The problem here is that nothing is ever less than light-hearted for more than a few moments. When Motel (Brian McFadyen) and Tzeitel (Esther Covington) approach Tevye about the possibility of breaking tradition and getting married without use of a matchmaker, the scene is sitcom-y and goofy. So when Tevye has his monologue and decides to let them go ahead, the decision seems too easy. Where was the huge internal struggle? Where was his balancing his love for his daughter with his devotion to tradition? The lines indicating such a conflict were there, but there was no conviction behind them -- plus we'd just seen three minutes of silliness immediately proceeding it, and the change in attitude is too abrupt.

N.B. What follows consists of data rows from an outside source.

(* Let $m,n\in\mathbb N$, $M_A=M_m(\mathbb C)$, $M_B=M_n(\mathbb C)$, let $U_A\in M_A$, $U_B\in M_B$ be unitary matrices, and let $\{e_{ij}\}$ be the matrix units of $M_m(\mathbb C)$. For a linear map $\psi:M_A\to M_B$ let $C^U_\psi:=\sum_{i,j=1}^m e_{ij}\otimes\psi(U_Ae_{ij})\in M_A\otimes M_B$ (the Choi $U$-matrix). Then $\psi$ is $(U_A,U_B)$-CP if and only if $C^U_\psi$ is $I_A\otimes U_B$-positive, i.e. $(I_m\otimes U_B^* )C^U_\psi$ is positive semidefinite.
   Context: For $k\in\mathbb N$ and a unitary $U$, write $U^k=\mathrm{diag}(U,\dots,U)$. A linear map $\psi:M_A\to M_B$ is $(U_A,U_B)$-CP if for every $k\in\mathbb N$ and every $V=[V_{ij}]\in M_k(M_A)$ with $(U_A^k)^*V\ge0$, one has $(U_B^k)^*[\psi(V_{ij})]\ge0$. $M_A\otimes M_B$ is identified with block matrices $M_m(M_n(\mathbb C))$. *)

From HB Require Import structures.
From mathcomp Require Import all_boot all_order all_algebra.
From mathcomp Require Import sesquilinear spectral.
From mathcomp Require Import complex mxtens.
From mathcomp Require Import reals.

Set Implicit Arguments.
Unset Strict Implicit.
Unset Printing Implicit Defensive.

Import Order.TTheory GRing.Theory Num.Theory.
Local Open Scope ring_scope.
Local Open Scope sesquilinear_scope.

Definition adjmx {C : numClosedFieldType} {p q : nat} (A : 'M[C]_(p, q)) : 'M[C]_(q, p) :=
  A ^t*.

Definition psdmx {C : numClosedFieldType} {p : nat} (A : 'M[C]_p) : Prop :=
  adjmx A = A /\ forall v : 'cV[C]_p, 0 <= (adjmx v *m A *m v) 0 0.

(* The block matrix [V_ij] in M_k(M_p), identified with 'M_(k * p)
   (block (i,j) sits at rows i*p + _, columns j*p + _ ; Kronecker layout of *t). *)
Definition blockmx {C : numClosedFieldType} {k p : nat}
  (V : 'I_k -> 'I_k -> 'M[C]_p) : 'M[C]_(k * p) :=
  \sum_(i < k) \sum_(j < k) (delta_mx i j *t V i j).

Definition diagk {C : numClosedFieldType} (k : nat) {p : nat} (U : 'M[C]_p) : 'M[C]_(k * p) :=
  (1%:M : 'M[C]_k) *t U.

Definition UCP {C : numClosedFieldType} {m n : nat} (UA : 'M[C]_m) (UB : 'M[C]_n)
  (psi : 'M[C]_m -> 'M[C]_n) : Prop :=
  forall (k : nat) (V : 'I_k -> 'I_k -> 'M[C]_m),
    psdmx (adjmx (diagk k UA) *m blockmx V) ->
    psdmx (adjmx (diagk k UB) *m blockmx (fun i j => psi (V i j))).

Definition choiU {C : numClosedFieldType} {m n : nat} (UA : 'M[C]_m)
  (psi : 'M[C]_m -> 'M[C]_n) : 'M[C]_(m * n) :=
  \sum_(i < m) \sum_(j < m) (delta_mx i j *t psi (UA *m delta_mx i j)).

(* Substituting V_ij = U_A W_ij turns (U_A, U_B)-complete positivity of psi into
   ordinary complete positivity of phi X := U_B^* psi (U_A X), and
   (I ⊗ U_B^* ) C^U_psi is exactly the Choi matrix [phi e_ij]; so the theorem is
   Choi's theorem for phi.  Necessity there is the positivity of [e_ij].  For
   sufficiency, linearity gives [phi W_ij] = [sum_ab W_ij(a,b) phi e_ab]; factor
   the Choi matrix as B^* B: each row of B, reshaped into a matrix M, contributes
   the congruence (I ⊗ M)^* [W_ij] (I ⊗ M), a positive matrix. *)

From HB Require Import structures.
From mathcomp Require Import all_boot all_order all_algebra.
From mathcomp Require Import sesquilinear spectral.
From mathcomp Require Import complex mxtens.
From mathcomp Require Import reals.

Set Implicit Arguments.
Unset Strict Implicit.
Unset Printing Implicit Defensive.

Import Order.TTheory GRing.Theory Num.Theory.
Local Open Scope ring_scope.

Section CompletePositivity.
Variable C : numClosedFieldType.

Definition completely_positive p q (phi : 'M[C]_p -> 'M[C]_q) : Prop :=
  forall k (W : 'I_k -> 'I_k -> 'M[C]_p),
    psdmx (blockmx W) -> psdmx (blockmx (fun i j => phi (W i j))).

Definition choi p q (phi : 'M[C]_p -> 'M[C]_q) : 'M[C]_(p * q) :=
  blockmx (fun i j => phi (delta_mx i j)).

Lemma adjmxE p q (A : 'M[C]_(p, q)) i j : adjmx A i j = (A j i)^*.
Proof. by rewrite !mxE. Qed.

Lemma adjmxK p q (A : 'M[C]_(p, q)) : adjmx (adjmx A) = A.
Proof. exact: trmxCK. Qed.

Lemma adjmx_mul p q r (A : 'M[C]_(p, q)) (B : 'M[C]_(q, r)) :
  adjmx (A *m B) = adjmx B *m adjmx A.
Proof. by rewrite /adjmx trmx_mul map_mxM. Qed.

Lemma adjmx_tens p q r s (A : 'M[C]_(p, q)) (B : 'M[C]_(r, s)) :
  adjmx (A *t B) = adjmx A *t adjmx B.
Proof. by rewrite /adjmx trmx_tens map_mxT. Qed.

Lemma adjmx1 p : adjmx (1%:M : 'M[C]_p) = 1%:M.
Proof. by rewrite /adjmx trmx1 map_mx1. Qed.

Lemma adjmx_diagk k p (U : 'M[C]_p) : adjmx (diagk k U) = diagk k (adjmx U).
Proof. by rewrite adjmx_tens adjmx1. Qed.

Lemma psdmx0 p : psdmx (0 : 'M[C]_p).
Proof.
split; first by rewrite /adjmx trmx0 map_mx0.
by move=> v; rewrite mulmx0 mul0mx mxE.
Qed.

Lemma psdmxD p (A B : 'M[C]_p) : psdmx A -> psdmx B -> psdmx (A + B).
Proof.
move=> [hA qA] [hB qB]; split.
  by rewrite /adjmx linearD map_mxD -!/(adjmx _) hA hB.
by move=> v; rewrite mulmxDr mulmxDl mxE addr_ge0.
Qed.

Lemma psdmx_sum p N (F : 'I_N -> 'M[C]_p) :
  (forall l, psdmx (F l)) -> psdmx (\sum_(l < N) F l).
Proof. by move=> psdF; apply: big_ind => //; [exact: psdmx0 | exact: psdmxD]. Qed.

Lemma psdmx_congr p q (W : 'M[C]_p) (K : 'M[C]_(p, q)) :
  psdmx W -> psdmx (adjmx K *m W *m K).
Proof.
move=> [hW qW]; split; first by rewrite !adjmx_mul adjmxK hW mulmxA.
by move=> v; have := qW (K *m v); rewrite adjmx_mul !mulmxA.
Qed.

Lemma psdmx_gram p q (B : 'M[C]_(p, q)) : psdmx (adjmx B *m B).
Proof.
split; first by rewrite adjmx_mul adjmxK.
move=> v; rewrite -!mulmxA mulmxA -adjmx_mul mxE.
by apply: sumr_ge0 => l _; rewrite adjmxE mulrC mul_conjC_ge0.
Qed.

Lemma psdmx_diag_ge0 p (A : 'M[C]_p) i : psdmx A -> 0 <= A i i.
Proof.
move=> [_ /(_ (delta_mx i 0))].
by rewrite -mulmxA -colE /adjmx trmx_delta map_delta_mx -rowE !mxE.
Qed.

Lemma psdmx_factor p (A : 'M[C]_p) :
  psdmx A -> exists B : 'M[C]_p, A = adjmx B *m B.
Proof.
move=> psdA; have [hA _] := psdA.
have /hermitian_normalmx/orthomx_spectralP : A \is hermsymmx.
  by rewrite is_hermitianmxE expr0 scale1r -/(adjmx A) hA.
set P := spectralmx A; set d := spectral_diag A.
have /unitarymxP unitP : P \is unitarymx := spectral_unitarymx A.
rewrite invmx_unitary ?spectral_unitarymx // -/(adjmx P) => defA.
have d_ge0 l : 0 <= d 0 l.
  have := psdmx_diag_ge0 l (psdmx_congr (adjmx P) psdA).
  rewrite adjmxK defA !mulmxA unitP mul1mx -mulmxA unitP mulmx1.
  by rewrite mxE eqxx mulr1n.
pose s := \row_l sqrtC (d 0 l).
exists (diag_mx s *m P).
rewrite adjmx_mul mulmxA -[_ *m diag_mx s]mulmxA.
rewrite /adjmx tr_diag_mx map_diag_mx mulmx_diag defA; congr (_ *m diag_mx _ *m _).
by apply/rowP => l; rewrite !mxE /= geC0_conj ?sqrtC_ge0 // -expr2 sqrtCK.
Qed.

Lemma blockmxE k p (V : 'I_k -> 'I_k -> 'M[C]_p) i a j b :
  blockmx V (mxtens_index (i, a)) (mxtens_index (j, b)) = V i j a b.
Proof.
rewrite /blockmx summxE (bigD1 i) //= summxE (bigD1 j) //= tensmxE !mxE !eqxx mul1r.
rewrite big1 ?addr0 => [|j' /negPf ne_j'j]; last first.
  by rewrite tensmxE mxE eq_sym ne_j'j andbF mul0r.
rewrite big1 ?addr0 // => i' /negPf ne_i'i; rewrite summxE big1 // => j' _.
by rewrite tensmxE mxE eq_sym ne_i'i mul0r.
Qed.

Lemma eq_blockmx k p (V V' : 'I_k -> 'I_k -> 'M[C]_p) :
  (forall i j, V i j = V' i j) -> blockmx V = blockmx V'.
Proof. by move=> eqV; apply: eq_bigr => i _; apply: eq_bigr => j _; rewrite eqV. Qed.

Lemma mul_diagk_blockmx k p (U : 'M[C]_p) (V : 'I_k -> 'I_k -> 'M[C]_p) :
  diagk k U *m blockmx V = blockmx (fun i j => U *m V i j).
Proof.
rewrite mulmx_sumr; apply: eq_bigr => i _; rewrite mulmx_sumr; apply: eq_bigr => j _.
by rewrite tensmx_mul mul1mx.
Qed.

Lemma blockmx_congr k p q (W : 'I_k -> 'I_k -> 'M[C]_p) (M : 'M[C]_(p, q)) :
  adjmx ((1%:M : 'M_k) *t M) *m blockmx W *m ((1%:M : 'M_k) *t M) =
  blockmx (fun i j => adjmx M *m W i j *m M).
Proof.
rewrite adjmx_tens adjmx1 mulmx_sumr mulmx_suml; apply: eq_bigr => i _.
rewrite mulmx_sumr mulmx_suml; apply: eq_bigr => j _.
by rewrite !tensmx_mul mul1mx mulmx1.
Qed.

Lemma psdmx_blockmx_delta p : psdmx (blockmx (fun i j : 'I_p => delta_mx i j : 'M[C]_p)).
Proof.
pose u : 'rV[C]_(p * p) := \row_X ((mxtens_unindex X).1 == (mxtens_unindex X).2)%:R.
suff -> : blockmx (fun i j => delta_mx i j) = adjmx u *m u by apply: psdmx_gram.
apply/matrixP => X Y; case: (mxtens_indexP X) => i a; case: (mxtens_indexP Y) => j b.
rewrite blockmxE [RHS]mxE big_ord1 adjmxE !mxE !mxtens_indexK /=.
by rewrite conjC_nat -natrM mulnb [a == i]eq_sym [b == j]eq_sym.
Qed.

Lemma linear_matrix_sum_delta p q (phi : {linear 'M[C]_p -> 'M[C]_q}) X :
  phi X = \sum_a \sum_b X a b *: phi (delta_mx a b).
Proof.
rewrite {1}(matrix_sum_delta X) linear_sum; apply: eq_bigr => a _.
by rewrite linear_sum; apply: eq_bigr => b _; rewrite linearZ.
Qed.

Lemma psdmx_blockmx_image k p q (W : 'I_k -> 'I_k -> 'M[C]_p)
    (D : 'I_p -> 'I_p -> 'M[C]_q) :
  psdmx (blockmx W) -> psdmx (blockmx D) ->
  psdmx (blockmx (fun i j => \sum_a \sum_b W i j a b *: D a b)).
Proof.
move=> psdW /psdmx_factor[B defD].
pose M l : 'M[C]_(p, q) := \matrix_(a, r) B l (mxtens_index (a, r)).
have DE a b r s : D a b r s = \sum_l (M l a r)^* * M l b s.
  by rewrite -blockmxE defD mxE; apply: eq_bigr => l _; rewrite adjmxE !mxE.
suff -> : blockmx (fun i j => \sum_a \sum_b W i j a b *: D a b) =
    \sum_l adjmx ((1%:M : 'M_k) *t M l) *m blockmx W *m (1%:M *t M l).
  by apply: psdmx_sum => l; apply: psdmx_congr.
apply/matrixP => X Y; case: (mxtens_indexP X) => i r; case: (mxtens_indexP Y) => j s.
rewrite blockmxE !summxE; under [RHS]eq_bigr do rewrite blockmx_congr blockmxE.
under [RHS]eq_bigr do rewrite mxE.
under [RHS]eq_bigr do under eq_bigr do rewrite mxE mulr_suml.
under [RHS]eq_bigr do rewrite exchange_big.
rewrite [RHS]exchange_big; apply: eq_bigr => a _.
rewrite summxE [RHS]exchange_big; apply: eq_bigr => b _.
rewrite mxE DE mulr_sumr; apply: eq_bigr => l _.
by rewrite adjmxE mulrCA mulrA.
Qed.

Theorem completely_positive_choi p q (phi : {linear 'M[C]_p -> 'M[C]_q}) :
  completely_positive phi <-> psdmx (choi phi).
Proof.
split=> [cp_phi | psd_choi k W psdW]; first exact: cp_phi _ _ (psdmx_blockmx_delta p).
rewrite (eq_blockmx (fun i j => linear_matrix_sum_delta phi (W i j))).
exact: psdmx_blockmx_image.
Qed.

Lemma UCP_completely_positive m n (UA : 'M[C]_m) (UB : 'M[C]_n)
    (psi : 'M[C]_m -> 'M[C]_n) :
  UA \is unitarymx ->
  UCP UA UB psi <-> completely_positive (fun X => adjmx UB *m psi (UA *m X)).
Proof.
move=> /unitarymxP UA_adjUA; have adjUA_UA : adjmx UA *m UA = 1%:M by apply: mulmx1C.
split=> cp k W psdW.
  have := cp k (fun i j => UA *m W i j); rewrite !adjmx_diagk !mul_diagk_blockmx; apply.
  by under eq_blockmx do rewrite mulmxA adjUA_UA mul1mx.
rewrite adjmx_diagk mul_diagk_blockmx.
rewrite adjmx_diagk mul_diagk_blockmx in psdW.
by have := cp k _ psdW; under eq_blockmx do rewrite mulmxA UA_adjUA mul1mx.
Qed.

End CompletePositivity.

Theorem theorem3p4 (R : realType) (m n : nat)
  (UA : 'M[R[i]]_m) (UB : 'M[R[i]]_n)
  (hUA : UA \is unitarymx) (hUB : UB \is unitarymx)
  (psi : {linear 'M[R[i]]_m -> 'M[R[i]]_n}) :
  UCP UA UB psi <->
  psdmx ((1%:M : 'M[R[i]]_m) *t adjmx UB *m choiU UA psi).
Proof.
pose phi : {linear 'M[R[i]]_m -> 'M[R[i]]_n} := mulmx (adjmx UB) \o psi \o mulmx UA.
have -> : (1%:M : 'M_m) *t adjmx UB *m choiU UA psi = choi phi.
  exact: mul_diagk_blockmx.
rewrite -completely_positive_choi.
exact: UCP_completely_positive.
Qed.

Basically, this is "Fiddler on the Roof," played as a comedy, with brief bursts of seriousness that don't work because they're surrounded by too much levity, and because the actors keep being superficial, even when they're saying deep things. If that suits you, fine. I think it betrays the original intent of the show.
As usual at the Villa, lighting is a problem, too. Even when the stage is "fully lit," the sides are dark, and much action takes place there. They need to realize, also, that there are ways of signifying "night-time" besides just turning off most of the lights and making everyone act in the dark. For as light as this show is figuratively, it's far too dark literally.
The singing is strong throughout, and the actors are generally committed to what they're doing; there is some real talent here. This is community theater, and I don't mean to sound like I'm judging it by Broadway standards. But even community theater can avoid the pitfall of trying to create humor where it doesn't belong, and thereby failing to convey the show's real emotions.